An example region encoded in a geojson format (the list of coordinates are lat/long):

In [10]:
gj['features'][0]

{'type': 'Feature',
 'geometry': {'type': 'Polygon',
  'coordinates': [[[-117.087138, 32.583822],
    [-117.08695, 32.583007],
    [-117.08693249, 32.58293112],
    [-117.08686, 32.582617],
    [-117.08648, 32.581573],
    [-117.086201, 32.58091],
    [-117.086047, 32.580678],
    [-117.08595258, 32.58053575],
    [-117.08567562, 32.58011851],
    [-117.085585, 32.579982],
    [-117.085417, 32.579739],
    [-117.084812, 32.579065],
    [-117.08475964, 32.57900662],
    [-117.084725, 32.578968],
    [-117.083637, 32.577854],
    [-117.08227701, 32.57648368],
    [-117.08224938, 32.57645654],
    [-117.082146, 32.576355],
    [-117.081926, 32.576137],
    [-117.081774, 32.575953],
    [-117.0811, 32.575136],
    [-117.08091818, 32.57491522],
    [-117.08091801, 32.574915],
    [-117.080274, 32.574046],
    [-117.08014418, 32.57387261],
    [-117.079544, 32.573071],
    [-117.07952, 32.573039],
    [-117.07899506, 32.57233912],
    [-117.07899498, 32.57233901],
    [-117.07899282, 32.5723

In [11]:
gj['features'] = [f for f in gj['features'] if f['properties']['serv'] in stop_counts.column('service_area')]

### Create a map object, overlay the counts, and plot it!

In [12]:
stops_map = folium.Map(location=(32.7157, -117.1611), zoom_start=10)

In [13]:
stops_map.choropleth(
    geo_data=gj,
    data=stop_counts.to_df(),   # needs to be a pandas dataframe
    columns=['service_area', 'count'],
    fill_color = 'YlOrRd',
    fill_opacity = 0.5, 
    line_opacity = 0.2,
    key_on='feature.properties.serv',
)



You can view HTML right inside a jupyter notebook!  So to view the map we can just use `display` that we imported from `Ipython.core.display` earlier.

In [None]:
display(stops_map)

You can also save the map to an `html` file. View the file by visiting the jupyter server page, selecting the file, and clicking `view` from the menu at top.

In [14]:
stops_map.save('stops.html')

## Mapping the collisions data

The collisions data is joined to the map using `police_beat` -- we need to assess and clean the data.

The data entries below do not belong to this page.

(* An integral domain $D$ is a $\ast$-SH domain of type $1$ if and only if $D$ is a $\ast$-weakly Krull domain.
   Context: $\ast$ is a star operation on $D$ of finite character. A $\ast$-ideal is a nonzero fractional ideal $I$ with $I^\ast=I$; it is of finite type if $I=J^\ast$ for some nonzero finitely generated $J$. A maximal $\ast$-ideal is an integral $\ast$-ideal maximal among proper integral $\ast$-ideals. A $\ast$-homog ideal is an integral $\ast$-ideal $I$ of finite type with $I\subsetneq D$ such that $(J+L)^{\ast}\neq D$ for every pair $J,L$ of proper integral $\ast$-ideals of finite type containing $I$; such $I$ lies in a unique maximal $\ast$-ideal $M(I)$. $D$ is a $\ast$-SH domain if every $xD$, $x$ a nonzero nonunit, is a $\ast$-product $(I_1\cdots I_n)^\ast$ of finitely many $\ast$-homog ideals. A $\ast$-homog ideal $I$ is of type $1$ if for every $x\in M(I)\setminus\{0\}$ there is a positive integer $n$ with $x^nD_{M(I)}\cap D\subseteq I$. $D$ is a $\ast$-SH domain of type $1$ if for every nonzero nonunit $x$, $xD$ is a $\ast$-product of finitely many $\ast$-homog ideals of type $1$. $D$ is a $\ast$-weakly Krull domain if $D$ is a $\ast$-SH domain in which every maximal $\ast$-ideal has height $1$. *)

(* Star operations on an integral domain D, with fractional
   ideals represented as predicates (K -> Prop) on the fraction field
   K = {fraction D}. *)
From HB Require Import structures.
From mathcomp Require Import all_boot all_order all_algebra.
Set Implicit Arguments. Unset Strict Implicit. Unset Printing Implicit Defensive.
Import Order.TTheory GRing.Theory Num.Theory.
Local Open Scope ring_scope.

Section StarDefs.
Variable D : idomainType.
Local Notation K := {fraction D}.
Definition emb (d : D) : K := @FracField.tofrac D d.

Definition ksubset (A B : K -> Prop) := forall z, A z -> B z.
Definition kseteq (A B : K -> Prop) := forall z, A z <-> B z.

Definition Dset : K -> Prop := fun z => exists d : D, z = emb d.

Definition submodule (A : K -> Prop) :=
  [/\ A 0, (forall a b, A a -> A b -> A (a + b)) &
      (forall (d : D) a, A a -> A (emb d * a))].

Definition knonzero (A : K -> Prop) := exists z, A z /\ z != 0.

Definition frac_ideal (A : K -> Prop) :=
  [/\ submodule A, knonzero A &
      exists d : D, d != 0 /\ forall z, A z -> Dset (emb d * z)].

Definition kscale (x : K) (A : K -> Prop) : K -> Prop :=
  fun z => exists a, A a /\ z = x * a.

Definition principal (x : K) := kscale x Dset.

Definition span (s : seq K) : K -> Prop :=
  fun z => exists c : nat -> D, z = \sum_(i < size s) emb (c i) * s`_i.

Definition fin_gen (A : K -> Prop) := exists s : seq K, kseteq A (span s).

Definition ksum (A B : K -> Prop) : K -> Prop :=
  fun z => exists a b, [/\ A a, B b & z = a + b].

Definition kmul (A B : K -> Prop) : K -> Prop :=
  fun z => exists (n : nat) (a b : nat -> K),
    (forall i, (i < n)%N -> A (a i) /\ B (b i)) /\ z = \sum_(i < n) a i * b i.
(* paper indices a in {1,...,N-1} (nat) *)
Definition u_up (N : nat) (beta delta theta : R) (a : nat) : R :=
  (((a * (N - a))%N)%:R / ((N ^ 2)%N)%:R) / (1 + expR (- xval beta delta theta)).
Definition u_down (N : nat) (beta delta theta : R) (a : nat) : R :=
  (((a * (N - a))%N)%:R / ((N ^ 2)%N)%:R) / (1 + expR (xval beta delta theta)).

(* U = (u_{ab})_{a,b=1}^{N-1}; the ordinal i : 'I_(N.-1) stands for index i+1 *)
Definition Umat (N : nat) (beta delta theta : R) : 'M[R]_(N.-1) :=
  \matrix_(i, j)
    let a := i.+1 in let b := j.+1 in
    if b == a.+1 then u_up N beta delta theta a
    else if b.+1 == a then u_down N beta delta theta a
    else if b == a then 1 - u_up N beta delta theta a - u_down N beta delta theta a
    else 0.

Definition Nmat (N : nat) (beta delta theta : R) : 'M[R]_(N.-1) :=
  invmx (1%:M - Umat N beta delta theta).

(* n_{1,i} + n_{N-1,i}  (ordinal 0 is index 1, ordinal N-2 is index N-1) *)
Definition nsum (N : nat) (beta delta theta : R) (i : 'I_(N.-1)) : R :=
  \sum_(k : 'I_(N.-1))
     (((k : nat) == 0%N)%:R + ((k : nat) == N.-2)%:R) * Nmat N beta delta theta k i.

Definition E_r (N : nat) (beta delta theta : R) : R :=
  theta / 2 * \sum_(i : 'I_(N.-1)) nsum N beta delta theta i * (i.+1)%:R.

Definition E_p (N : nat) (beta delta theta : R) : R :=
  theta / 2 * \sum_(i : 'I_(N.-1)) nsum N beta delta theta i * ((N - i.+1)%N)%:R.

Definition H (N : nat) : R := \sum_(1 <= j < N) (j%:R)^-1.

End Defs.

From HB Require Import structures.
From mathcomp Require Import all_boot all_order all_algebra.
From mathcomp Require Import all_classical all_reals all_analysis.
From mathcomp Require Import ring lra zify.
Import Order.TTheory GRing.Theory Num.Theory.
Local Open Scope ring_scope.
Set Implicit Arguments.
Unset Strict Implicit.

(* Write N = n + 1, r = exp(-x) and c_a = a (N - a) / N^2.  The matrix I - U is
   tridiagonal: row a is c_a (e_a - e_{a+1}/(1+r) - r e_{a-1}/(1+r)).
   1. Linear algebra (section BirthDeath, for arbitrary nonzero c_1..c_n):
      a row vector y with y (I - U) = 0 gives an r-harmonic sequence
      w_a = c_a y_a vanishing at a = 0 and a = N, hence y = 0, so I - U is
      invertible; and the explicit vector y_a = kappa psi_a / c_a with
      psi_a = r T_n + r^(N-a) solves y (I - U) = e_1 + e_n.  Here
      T_k = 1 + r + ... + r^(k-1).  Hence n_{1i} + n_{N-1,i} = y_i.
   2. Substituting, E = theta/2 N^2 (1+r) Q_e / T_N, where
      Q_e = sum_{i<n} (T_n + r^(e i)) / (i+1) and e is the identity (E_r) or
      the reversal of [0, n) (E_p).
   3. Scalar estimates (section RatioBounds), for any e : [0, n) -> [0, n) with
      sum_i r^(e i) = T_n:
      H_N + 1/n <= (1+r) Q_e / T_N <= 2n (H_N + 1) / (n+1).  The upper bound
      rests on r^k + r^(n-k) <= 1 + r^n, which gives 2 T_N <= (n+1)(1 + r^n).
   The theorem follows by multiplying these bounds by theta N^2 / 2. *)

Lemma natS_neq0 (R : numFieldType) (k : nat) : 1 + k%:R != 0 :> R.
Proof. by rewrite addrC natr1 pnatr_eq0. Qed.
(* Let $\mathcal{H}$ be a finite-dimensional complex Hilbert space and let $U,V$ be unitary operators on $\mathcal{H}$ satisfying $V^{-1}U^2V=U^3$. Then $UV^{-1}UV=V^{-1}UVU$. *)

(* Finite-dimensional complex Hilbert spaces are modelled as
   C^n with the standard inner product, operators as n x n matrices over a
   numClosedFieldType C (e.g. algC), unitarity via mathcomp's spectral.unitarymx. *)
From HB Require Import structures.
From mathcomp Require Import all_boot all_order all_algebra.
From mathcomp Require Export spectral.
Set Implicit Arguments. Unset Strict Implicit. Unset Printing Implicit Defensive.

From HB Require Import structures.
From mathcomp Require Import all_boot all_order all_algebra.
From mathcomp Require Import spectral zify.
Import GRing.Theory Num.Theory.
Local Open Scope ring_scope.

(* Write W := V^-1 U V; the hypothesis says W^2 = U^3.
   1. U is unitary, hence normal, hence U = P^-1 diag(d) P.  Since U^2 and
      U^3 are similar, the spectra {d_i^2} and {d_i^3} coincide: every d_i^3
      is some d_j^2 and every d_i^2 is some d_j^3.
   2. A purely arithmetic argument on such a finite family of nonzero
      scalars (pigeonhole on the map i |-> j) shows that all d_i are roots of
      unity, with a common order N; dividing out the factors 2 and 3 using the
      two matching relations, N can be chosen coprime to 6.  Hence U^N = 1,
      and so W^N = 1 as well.
   3. In any ring, if x^N = 1 and k is coprime to N, then x is a power of
      x^k.  So U is a power of U^3 and W is a power of W^2 = U^3: U and W
      commute, which is the claim UW = WU once W is unfolded. *)

(* If x^N = 1 and k > 0 is coprime to N, then x lies in the cyclic monoid
   generated by x^k: k is invertible modulo N. *)
Lemma power_of_coprime_power {R : pzRingType} {x : R} {k N : nat} :
  coprime k N -> (0 < k)%N -> x ^+ N = 1 -> exists e, (x ^+ k) ^+ e = x.
Proof.
move=> cop_kN k_gt0 xN; have [[a b] /= bezout] := coprimeP _ k_gt0 cop_kN.
exists a; rewrite -exprM mulnC.
have -> : (a * k = 1 + b * N)%N by lia.
by rewrite exprD expr1 mulnC exprM xN expr1n mulr1.
Qed.

(* Two elements of N-torsion with w^2 = u^3 commute when N is coprime to 6:
   both are powers of u^3. *)
Lemma commute_of_sq_cube {R : pzRingType} {u w : R} {N : nat} :
  coprime 6 N -> u ^+ N = 1 -> w ^+ N = 1 -> w ^+ 2 = u ^+ 3 -> u * w = w * u.
Proof.
rewrite -[6%N]/(2 * 3)%N coprimeMl => /andP[cop2 cop3] uN wN w2u3.
have [a ua] := power_of_coprime_power cop3 isT uN.
have [b wb] := power_of_coprime_power cop2 isT wN.
by rewrite -ua -wb w2u3 -!exprM -!exprD addnC.
Qed.

Section ScalarFamilies.

Context {D : idomainType} {n : nat} {x : 'I_n -> D}.

(* Iterating i |-> j gives
   x_i^(3^m) = x_(f^m i)^(2^m); by pigeonhole f^m1 i = f^m2 i with m1 < m2,
   so z := x_i^(3^m1) satisfies z^(3^p) = z^(2^p) with p = m2 - m1. *)
Lemma root_of_unity_of_cubes_squares (x_neq0 : forall i, x i != 0)
    (cube_square : forall i, exists j, x i ^+ 3 = x j ^+ 2) (i : 'I_n) :
  exists2 M, (0 < M)%N & x i ^+ M = 1.
Proof.
have [f hf] := fin_all_exists cube_square.
have iterate m : x i ^+ (3 ^ m) = x (iter m f i) ^+ (2 ^ m).
  elim: m => [|m IH]; first by rewrite !expn0.
  by rewrite expnSr exprM IH -exprM mulnC exprM hf -exprM mulnC -expnSr.
pose g (m : 'I_n.+1) := iter m f i.
have [m1 [m2 [m12_neq g12]]] : exists m1 m2 : 'I_n.+1, m1 != m2 /\ g m1 = g m2.
  have /injectivePn[m1 [m2 neq12 eq12]] : ~~ injectiveb g.
    by apply/negP => /injectiveP/leq_card; rewrite !card_ord ltnn.
  by exists m1, m2.
wlog lt_m12 : m1 m2 m12_neq g12 / (m1 < m2)%N.
  move=> W; case: (ltngtP m1 m2) => [|lt_m21|/val_inj eq12]; first exact: W.
  - by apply: (W m2 m1); rewrite // eq_sym.
  - by rewrite eq12 eqxx in m12_neq.
set p := (m2 - m1)%N; set z := x i ^+ (3 ^ m1).
have m2E : (m2 : nat) = (m1 + p)%N by rewrite subnKC // ltnW.
have z_period : z ^+ (3 ^ p) = z ^+ (2 ^ p).
  rewrite /z -!exprM -expnD -m2E iterate -/(g m2) -g12.
  by rewrite exprM (iterate m1) -exprM -expnD -m2E.
have lt_pow : (2 ^ p < 3 ^ p)%N by rewrite ltn_exp2r // subn_gt0.
exists (3 ^ m1 * (3 ^ p - 2 ^ p))%N; first by rewrite muln_gt0 expn_gt0 subn_gt0.
have z_neq0 : z ^+ (2 ^ p) != 0 by rewrite !expf_neq0.
rewrite exprM -/z; apply: (mulIf z_neq0).
by rewrite -exprD subnK 1?ltnW // z_period mul1r.
Qed.

Lemma common_order (roots : forall i, exists2 M, (0 < M)%N & x i ^+ M = 1) :
  exists2 M, (0 < M)%N & forall i, x i ^+ M = 1.
Proof.
have /fin_all_exists[F hF] : forall i, exists M, (0 < M)%N && (x i ^+ M == 1).
  by move=> i; have [M M_gt0 xM] := roots i; exists M; rewrite M_gt0 xM eqxx.
exists (\prod_i F i)%N; first by apply: prodn_gt0 => i; case/andP: (hF i).
move=> j; rewrite (bigD1 j) //= exprM.
by case/andP: (hF j) => _ /eqP ->; rewrite expr1n.
Qed.

(* When squares and cubes of the family match both ways, a common order can
   be taken coprime to 6: if M = 2k, then x_i^(3k) = x_j^M = 1 and
   x_i^(2k) = 1, so x_i^k = 1; the case M = 3k is symmetric. *)
Lemma common_order_coprime6
    (cube_square : forall i, exists j, x i ^+ 3 = x j ^+ 2)
    (square_cube : forall i, exists j, x i ^+ 2 = x j ^+ 3) {M : nat} :
  (0 < M)%N -> (forall i, x i ^+ M = 1) ->
  exists2 N, coprime 6 N & forall i, x i ^+ N = 1.
Proof.
have split_exp i k : x i ^+ (3 * k) = x i ^+ k * x i ^+ (2 * k).
  by rewrite -exprD; congr (_ ^+ _); lia.
elim/ltn_ind: M => M IH M_gt0 xM.
have [/dvdnP[k Mk] | not2] := boolP (2 %| M)%N.
  apply: (IH k); [lia | lia | move=> i].
  have [j xij] := cube_square i.
  have := split_exp i k.
  by rewrite exprM xij -exprM mulnC -Mk !xM mulr1 => <-.
have [/dvdnP[k Mk] | not3] := boolP (3 %| M)%N.
  apply: (IH k); [lia | lia | move=> i].
  have [j xij] := square_cube i.
  have := split_exp i k.
  by rewrite (exprM _ 2) xij -exprM mulnC -Mk !xM mulr1 => ->.
exists M => //.
by rewrite -[6%N]/(2 * 3)%N coprimeMl !prime_coprime // not2 not3.
Qed.

Lemma root_match (y z : 'I_n -> D)
    (same_prod : forall l, \prod_k (y k - l) = \prod_k (z k - l)) (i : 'I_n) :
  exists j, z i = y j.
Proof.
have /prodf_eq0[j _] : \prod_k (y k - z i) == 0.
  by rewrite same_prod; apply/prodf_eq0; exists i; rewrite ?subrr.
by rewrite subr_eq0 => /eqP <-; exists j.
Qed.

End ScalarFamilies.

Lemma conjmx_expr (R : comUnitRingType) n (P A : 'M[R]_n) (k : nat) :
  P \in unitmx -> (invmx P *m A *m P) ^+ k = invmx P *m A ^+ k *m P.
Proof.
move=> P_unit; elim: k => [|k IH]; first by rewrite !expr0 mulmx1 mulVmx.
by rewrite !exprSr IH -!mulmxE !mulmxA mulmxK.
Qed.

Lemma det_conj_sub_scalar (R : comUnitRingType) n (P A : 'M[R]_n) (l : R) :
  P \in unitmx -> \det (invmx P *m A *m P - l%:M) = \det (A - l%:M).
Proof.
move=> P_unit.
have -> : invmx P *m A *m P - l%:M = invmx P *m (A - l%:M) *m P.
  by rewrite mulmxBr mulmxBl scalar_mxC mulmxKV.
by rewrite !det_mulmx det_inv mulrAC mulVr ?mul1r.
Qed.

Section NormalMatrix.

Context {C : numClosedFieldType} {n : nat} {U : 'M[C]_n}.
Hypothesis U_normal : U \is normalmx.

Let P := spectralmx U.
Let d := spectral_diag U.

Lemma normal_expr (m : nat) :
  U ^+ m = invmx P *m diag_mx (\row_k (d 0 k ^+ m)) *m P.
Proof.
rewrite {1}(orthomx_spectralP U_normal) conjmx_expr ?spectral_unit //.
congr (_ *m _ *m _); elim: m => [|m IH].
  by rewrite expr0 -[1]/(1%:M) -diag_const_mx; congr diag_mx; apply/rowP => j; rewrite !mxE.
by rewrite exprSr IH -mulmxE mulmx_diag; congr diag_mx; apply/rowP => j;
  rewrite !mxE exprSr.
Qed.

Lemma normal_det_expr_sub (m : nat) (l : C) :
  \det (U ^+ m - l%:M) = \prod_k (d 0 k ^+ m - l).
Proof.
rewrite normal_expr det_conj_sub_scalar ?spectral_unit //.
have -> : diag_mx (\row_k (d 0 k ^+ m)) - l%:M = diag_mx (\row_k (d 0 k ^+ m - l)).
  by apply/matrixP => i j; rewrite !mxE; case: eqP; rewrite ?mulr1n ?mulr0n ?subr0.
by rewrite det_diag; apply: eq_bigr => k _; rewrite mxE.
Qed.

Lemma normal_unit_eigen_neq0 : U \in unitmx -> forall i, d 0 i != 0.
Proof.
rewrite unitmxE unitfE => detU_neq0 i.
have := normal_det_expr_sub 1 0; rewrite expr1 raddf0 subr0 => detU.
by move: detU_neq0; rewrite detU => /prodf_neq0/(_ i isT); rewrite expr1 subr0.
Qed.

Lemma normal_expr_eq1 {N : nat} : (forall i, d 0 i ^+ N = 1) -> U ^+ N = 1.
Proof.
move=> dN; rewrite normal_expr.
have -> : \row_k d 0 k ^+ N = const_mx 1 by apply/rowP => k; rewrite !mxE dN.
by rewrite diag_const_mx mulmx1 mulVmx ?spectral_unit.
Qed.

End NormalMatrix.

Lemma unitarymx_normal {C : numClosedFieldType} {n} {U : 'M[C]_n} :
  U \is unitarymx -> U \is normalmx.
Proof.
move=> U_unitary; apply/normalmxP.
by rewrite (unitarymxP U_unitary) -(invmx_unitary U_unitary) mulVmx ?unitarymx_unit.
Qed.

Theorem theorem1 (C : numClosedFieldType) (n : nat) (U V : 'M[C]_n)
  (hU : U \is unitarymx) (hV : V \is unitarymx)
  (hrel : invmx V *m (U *m U) *m V = U *m U *m U) :
  U *m invmx V *m U *m V = invmx V *m U *m V *m U.
Proof.
have V_unit := unitarymx_unit hV.
have U_normal := unitarymx_normal hU.
set d := spectral_diag U; set W := invmx V *m U *m V.
have W_expr m : W ^+ m = invmx V *m U ^+ m *m V by rewrite conjmx_expr.
have W2U3 : W ^+ 2 = U ^+ 3.
  by rewrite W_expr expr2 exprS expr2 -!mulmxE hrel mulmxA.
have charU23 l : \det (U ^+ 2 - l%:M) = \det (U ^+ 3 - l%:M).
  by rewrite -W2U3 W_expr det_conj_sub_scalar.
have cube_square i : exists j, d 0 i ^+ 3 = d 0 j ^+ 2.
  by apply: (root_match (fun k => d 0 k ^+ 2) (fun k => d 0 k ^+ 3)) => l; rewrite -!(normal_det_expr_sub U_normal) charU23.
have square_cube i : exists j, d 0 i ^+ 2 = d 0 j ^+ 3.
  by apply: (root_match (fun k => d 0 k ^+ 3) (fun k => d 0 k ^+ 2)) => l; rewrite -!(normal_det_expr_sub U_normal) charU23.
have d_neq0 := normal_unit_eigen_neq0 U_normal (unitarymx_unit hU).
have [M M_gt0 dM] := common_order (root_of_unity_of_cubes_squares d_neq0 cube_square).
have [N cop6 dN] := common_order_coprime6 cube_square square_cube M_gt0 dM.
have UN : U ^+ N = 1 := normal_expr_eq1 U_normal dN.
have WN : W ^+ N = 1 by rewrite W_expr UN mulmx1 mulVmx.
have := commute_of_sq_cube cop6 UN WN W2U3.
by rewrite /W -!mulmxE !mulmxA.
Qed.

Is it of `int` type?

In [15]:
collisions.column('police_beat')

array([113, 524, 437, ..., 246, 613, 821])

In [16]:
collision_counts = collisions.group('police_beat')

In [17]:
collision_counts.sort('count', descending=True)

police_beat,count
122,1347
242,839
813,811
313,809
124,732
627,636
115,623
521,617
315,610
611,573


In [18]:
collision_map = folium.Map(location=(32.7157, -117.1611), zoom_start=10)

collision_map.choropleth(
    geo_data=gj,
    data=collision_counts.to_df(),   # needs to be a pandas dataframe
    columns=['police_beat', 'count'],
    fill_color = 'YlGn',
    fill_opacity = 0.5, 
    line_opacity = 0.2,
    threshold_scale=[0,300,600,900,1200,1500],
    key_on='feature.properties.beat',
)

In [23]:
display(collision_map)

# Copy this notebook and plot your own statistics by geography
* Percentage of stops that result in a search.
* Average age of drivers.
* Percentage of traffic stops that occur at night.
* Number of Hispanic/Black/White/Asian drivers pulled over.